- [RECORDS PROVIDED]:
------------------------

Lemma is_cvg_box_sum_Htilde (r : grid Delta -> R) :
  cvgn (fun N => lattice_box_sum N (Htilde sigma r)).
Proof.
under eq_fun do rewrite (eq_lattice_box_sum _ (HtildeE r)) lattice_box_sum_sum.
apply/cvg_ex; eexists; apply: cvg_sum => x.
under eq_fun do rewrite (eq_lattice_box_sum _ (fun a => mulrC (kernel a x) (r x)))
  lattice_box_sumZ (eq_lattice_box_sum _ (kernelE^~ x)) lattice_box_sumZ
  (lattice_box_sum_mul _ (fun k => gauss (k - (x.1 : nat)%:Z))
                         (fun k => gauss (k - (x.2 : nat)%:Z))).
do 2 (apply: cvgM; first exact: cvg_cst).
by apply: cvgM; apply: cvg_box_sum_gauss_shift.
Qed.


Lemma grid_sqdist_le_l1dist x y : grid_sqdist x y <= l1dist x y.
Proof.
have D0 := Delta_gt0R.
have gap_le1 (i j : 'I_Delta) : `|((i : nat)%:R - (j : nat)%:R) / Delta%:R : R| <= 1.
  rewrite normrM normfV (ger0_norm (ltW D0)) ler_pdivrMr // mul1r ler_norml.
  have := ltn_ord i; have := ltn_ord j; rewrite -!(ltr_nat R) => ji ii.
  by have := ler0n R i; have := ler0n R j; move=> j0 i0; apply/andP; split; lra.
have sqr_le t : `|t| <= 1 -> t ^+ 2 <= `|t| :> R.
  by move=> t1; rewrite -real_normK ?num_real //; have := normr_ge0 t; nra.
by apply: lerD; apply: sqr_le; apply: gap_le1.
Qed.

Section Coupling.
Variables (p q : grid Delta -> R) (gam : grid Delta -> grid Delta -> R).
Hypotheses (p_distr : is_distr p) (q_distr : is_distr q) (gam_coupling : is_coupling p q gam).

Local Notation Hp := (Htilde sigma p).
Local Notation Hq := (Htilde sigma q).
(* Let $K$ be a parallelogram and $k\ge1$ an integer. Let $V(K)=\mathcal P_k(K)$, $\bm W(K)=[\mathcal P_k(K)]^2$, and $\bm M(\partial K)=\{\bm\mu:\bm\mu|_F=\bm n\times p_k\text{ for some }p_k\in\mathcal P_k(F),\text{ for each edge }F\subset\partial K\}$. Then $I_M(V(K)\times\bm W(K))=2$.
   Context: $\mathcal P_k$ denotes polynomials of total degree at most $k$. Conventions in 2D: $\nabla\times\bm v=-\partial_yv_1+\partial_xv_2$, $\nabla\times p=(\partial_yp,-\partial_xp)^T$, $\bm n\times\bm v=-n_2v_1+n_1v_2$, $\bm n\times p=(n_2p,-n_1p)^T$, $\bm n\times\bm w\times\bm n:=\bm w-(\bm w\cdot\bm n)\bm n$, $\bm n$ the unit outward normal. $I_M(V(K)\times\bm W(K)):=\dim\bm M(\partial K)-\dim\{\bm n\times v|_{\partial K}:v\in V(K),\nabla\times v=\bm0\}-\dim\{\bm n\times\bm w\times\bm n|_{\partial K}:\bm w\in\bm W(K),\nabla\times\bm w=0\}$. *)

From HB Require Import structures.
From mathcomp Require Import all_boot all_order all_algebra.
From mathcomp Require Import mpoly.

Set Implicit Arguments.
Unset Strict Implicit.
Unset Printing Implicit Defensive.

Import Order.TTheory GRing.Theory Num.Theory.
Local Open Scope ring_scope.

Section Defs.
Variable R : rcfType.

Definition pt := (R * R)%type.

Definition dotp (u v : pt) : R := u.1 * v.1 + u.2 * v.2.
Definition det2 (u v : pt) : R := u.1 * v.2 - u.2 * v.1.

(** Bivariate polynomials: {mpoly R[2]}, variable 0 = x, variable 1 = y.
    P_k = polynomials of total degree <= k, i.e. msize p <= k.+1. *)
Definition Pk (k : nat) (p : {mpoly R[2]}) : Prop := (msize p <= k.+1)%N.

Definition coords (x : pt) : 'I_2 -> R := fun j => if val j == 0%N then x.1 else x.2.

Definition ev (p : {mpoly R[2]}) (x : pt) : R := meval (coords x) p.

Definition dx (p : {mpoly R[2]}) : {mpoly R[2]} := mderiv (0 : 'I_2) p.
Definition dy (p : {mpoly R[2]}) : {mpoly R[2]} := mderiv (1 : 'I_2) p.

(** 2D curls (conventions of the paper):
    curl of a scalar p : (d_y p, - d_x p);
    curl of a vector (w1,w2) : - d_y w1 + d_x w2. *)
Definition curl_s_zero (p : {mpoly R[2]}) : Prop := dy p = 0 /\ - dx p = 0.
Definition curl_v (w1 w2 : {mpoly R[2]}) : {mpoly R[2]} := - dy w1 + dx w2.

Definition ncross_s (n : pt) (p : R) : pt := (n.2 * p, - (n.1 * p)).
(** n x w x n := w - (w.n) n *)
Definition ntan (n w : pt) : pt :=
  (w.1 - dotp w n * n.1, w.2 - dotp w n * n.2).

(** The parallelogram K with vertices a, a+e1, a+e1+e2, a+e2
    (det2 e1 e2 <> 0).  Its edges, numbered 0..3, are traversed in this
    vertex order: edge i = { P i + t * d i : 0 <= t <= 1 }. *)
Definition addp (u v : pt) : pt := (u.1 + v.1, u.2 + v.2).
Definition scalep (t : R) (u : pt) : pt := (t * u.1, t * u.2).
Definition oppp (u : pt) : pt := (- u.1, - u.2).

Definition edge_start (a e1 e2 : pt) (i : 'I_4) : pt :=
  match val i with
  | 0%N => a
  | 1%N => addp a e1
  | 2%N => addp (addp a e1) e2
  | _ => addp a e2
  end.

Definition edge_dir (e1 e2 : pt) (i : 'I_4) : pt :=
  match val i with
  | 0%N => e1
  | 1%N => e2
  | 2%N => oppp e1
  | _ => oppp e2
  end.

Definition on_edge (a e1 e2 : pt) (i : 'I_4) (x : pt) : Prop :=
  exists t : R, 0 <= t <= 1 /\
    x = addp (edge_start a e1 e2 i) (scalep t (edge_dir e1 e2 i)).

------------------------

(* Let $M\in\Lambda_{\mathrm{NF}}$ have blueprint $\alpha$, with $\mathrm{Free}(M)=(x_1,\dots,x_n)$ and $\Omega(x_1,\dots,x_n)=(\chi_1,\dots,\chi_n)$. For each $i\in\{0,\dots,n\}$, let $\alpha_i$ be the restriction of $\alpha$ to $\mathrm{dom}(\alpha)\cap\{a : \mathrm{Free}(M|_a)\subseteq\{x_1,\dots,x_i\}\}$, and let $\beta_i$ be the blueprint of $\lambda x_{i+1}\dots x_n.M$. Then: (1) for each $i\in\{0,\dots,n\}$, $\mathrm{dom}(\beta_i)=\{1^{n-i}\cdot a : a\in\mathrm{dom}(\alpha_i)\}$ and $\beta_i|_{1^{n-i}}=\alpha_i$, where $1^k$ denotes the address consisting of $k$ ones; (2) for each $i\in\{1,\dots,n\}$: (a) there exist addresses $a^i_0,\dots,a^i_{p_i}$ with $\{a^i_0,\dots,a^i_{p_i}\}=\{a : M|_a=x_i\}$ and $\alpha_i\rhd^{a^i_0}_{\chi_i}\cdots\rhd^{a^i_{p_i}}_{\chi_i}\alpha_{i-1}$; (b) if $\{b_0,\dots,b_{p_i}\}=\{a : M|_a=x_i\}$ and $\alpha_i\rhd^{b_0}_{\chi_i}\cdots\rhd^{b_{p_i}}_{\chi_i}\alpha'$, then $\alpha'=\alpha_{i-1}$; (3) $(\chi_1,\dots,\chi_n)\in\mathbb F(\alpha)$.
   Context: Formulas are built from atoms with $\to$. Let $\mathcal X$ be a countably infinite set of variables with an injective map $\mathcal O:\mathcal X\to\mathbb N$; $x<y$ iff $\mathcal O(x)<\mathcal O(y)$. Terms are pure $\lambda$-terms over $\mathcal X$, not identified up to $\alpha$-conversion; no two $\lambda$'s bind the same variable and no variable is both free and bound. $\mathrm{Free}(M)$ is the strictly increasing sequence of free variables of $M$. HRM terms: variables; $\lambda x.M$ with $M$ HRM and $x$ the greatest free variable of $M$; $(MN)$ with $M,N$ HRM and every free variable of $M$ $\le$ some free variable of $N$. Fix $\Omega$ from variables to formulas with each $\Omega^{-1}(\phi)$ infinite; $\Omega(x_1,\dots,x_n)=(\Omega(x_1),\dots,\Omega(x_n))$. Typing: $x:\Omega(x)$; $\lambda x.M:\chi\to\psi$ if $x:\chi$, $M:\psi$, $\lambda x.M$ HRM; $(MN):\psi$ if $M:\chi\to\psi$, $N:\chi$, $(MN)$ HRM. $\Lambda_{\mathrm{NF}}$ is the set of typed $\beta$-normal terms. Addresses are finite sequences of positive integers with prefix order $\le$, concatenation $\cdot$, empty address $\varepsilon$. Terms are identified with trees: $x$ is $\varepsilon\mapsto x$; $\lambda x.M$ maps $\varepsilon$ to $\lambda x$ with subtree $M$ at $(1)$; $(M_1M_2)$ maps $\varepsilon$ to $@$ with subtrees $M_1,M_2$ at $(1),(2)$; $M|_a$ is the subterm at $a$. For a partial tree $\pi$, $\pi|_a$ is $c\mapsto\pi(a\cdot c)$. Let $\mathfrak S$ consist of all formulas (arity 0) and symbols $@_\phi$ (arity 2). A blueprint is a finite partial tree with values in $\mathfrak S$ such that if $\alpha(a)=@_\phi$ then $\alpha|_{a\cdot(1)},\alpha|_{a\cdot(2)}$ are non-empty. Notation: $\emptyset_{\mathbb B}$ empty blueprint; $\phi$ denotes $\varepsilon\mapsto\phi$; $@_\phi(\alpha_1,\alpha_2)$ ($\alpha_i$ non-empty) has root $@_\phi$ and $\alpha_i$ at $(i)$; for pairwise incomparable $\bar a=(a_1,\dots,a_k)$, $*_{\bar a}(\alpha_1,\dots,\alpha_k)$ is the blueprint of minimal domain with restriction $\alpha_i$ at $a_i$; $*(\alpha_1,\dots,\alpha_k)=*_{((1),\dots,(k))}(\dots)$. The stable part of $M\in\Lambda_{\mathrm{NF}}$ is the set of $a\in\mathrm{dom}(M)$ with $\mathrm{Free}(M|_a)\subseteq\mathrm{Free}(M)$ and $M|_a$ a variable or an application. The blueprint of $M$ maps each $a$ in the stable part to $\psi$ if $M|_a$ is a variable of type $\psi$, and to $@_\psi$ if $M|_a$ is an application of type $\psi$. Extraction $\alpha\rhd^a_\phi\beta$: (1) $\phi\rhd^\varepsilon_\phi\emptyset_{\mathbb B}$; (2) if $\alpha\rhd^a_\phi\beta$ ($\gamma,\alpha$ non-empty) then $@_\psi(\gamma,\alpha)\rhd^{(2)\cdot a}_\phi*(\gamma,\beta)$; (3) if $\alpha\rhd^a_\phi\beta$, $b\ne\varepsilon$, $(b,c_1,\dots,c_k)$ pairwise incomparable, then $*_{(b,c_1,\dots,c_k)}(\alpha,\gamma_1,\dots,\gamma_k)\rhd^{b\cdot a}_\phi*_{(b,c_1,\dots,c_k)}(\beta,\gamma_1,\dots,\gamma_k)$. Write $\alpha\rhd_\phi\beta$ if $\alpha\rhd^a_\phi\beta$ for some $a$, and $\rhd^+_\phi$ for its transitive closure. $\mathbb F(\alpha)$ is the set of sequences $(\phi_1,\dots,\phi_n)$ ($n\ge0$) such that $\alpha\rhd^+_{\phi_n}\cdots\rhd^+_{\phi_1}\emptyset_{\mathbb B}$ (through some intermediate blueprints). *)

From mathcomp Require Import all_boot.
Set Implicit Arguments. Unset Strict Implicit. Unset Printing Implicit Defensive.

------------------------

- [WORK TASK]: Word for word, restate the lines above from the line containing "Definition curl_s_zero (p" through the line containing "(w.1 - dotp", with both included and nothing else.

- [WRITTEN RESPONSE]:
Definition curl_s_zero (p : {mpoly R[2]}) : Prop := dy p = 0 /\ - dx p = 0.
Definition curl_v (w1 w2 : {mpoly R[2]}) : {mpoly R[2]} := - dy w1 + dx w2.

Definition ncross_s (n : pt) (p : R) : pt := (n.2 * p, - (n.1 * p)).
(** n x w x n := w - (w.n) n *)
Definition ntan (n w : pt) : pt :=
  (w.1 - dotp w n * n.1, w.2 - dotp w n * n.2).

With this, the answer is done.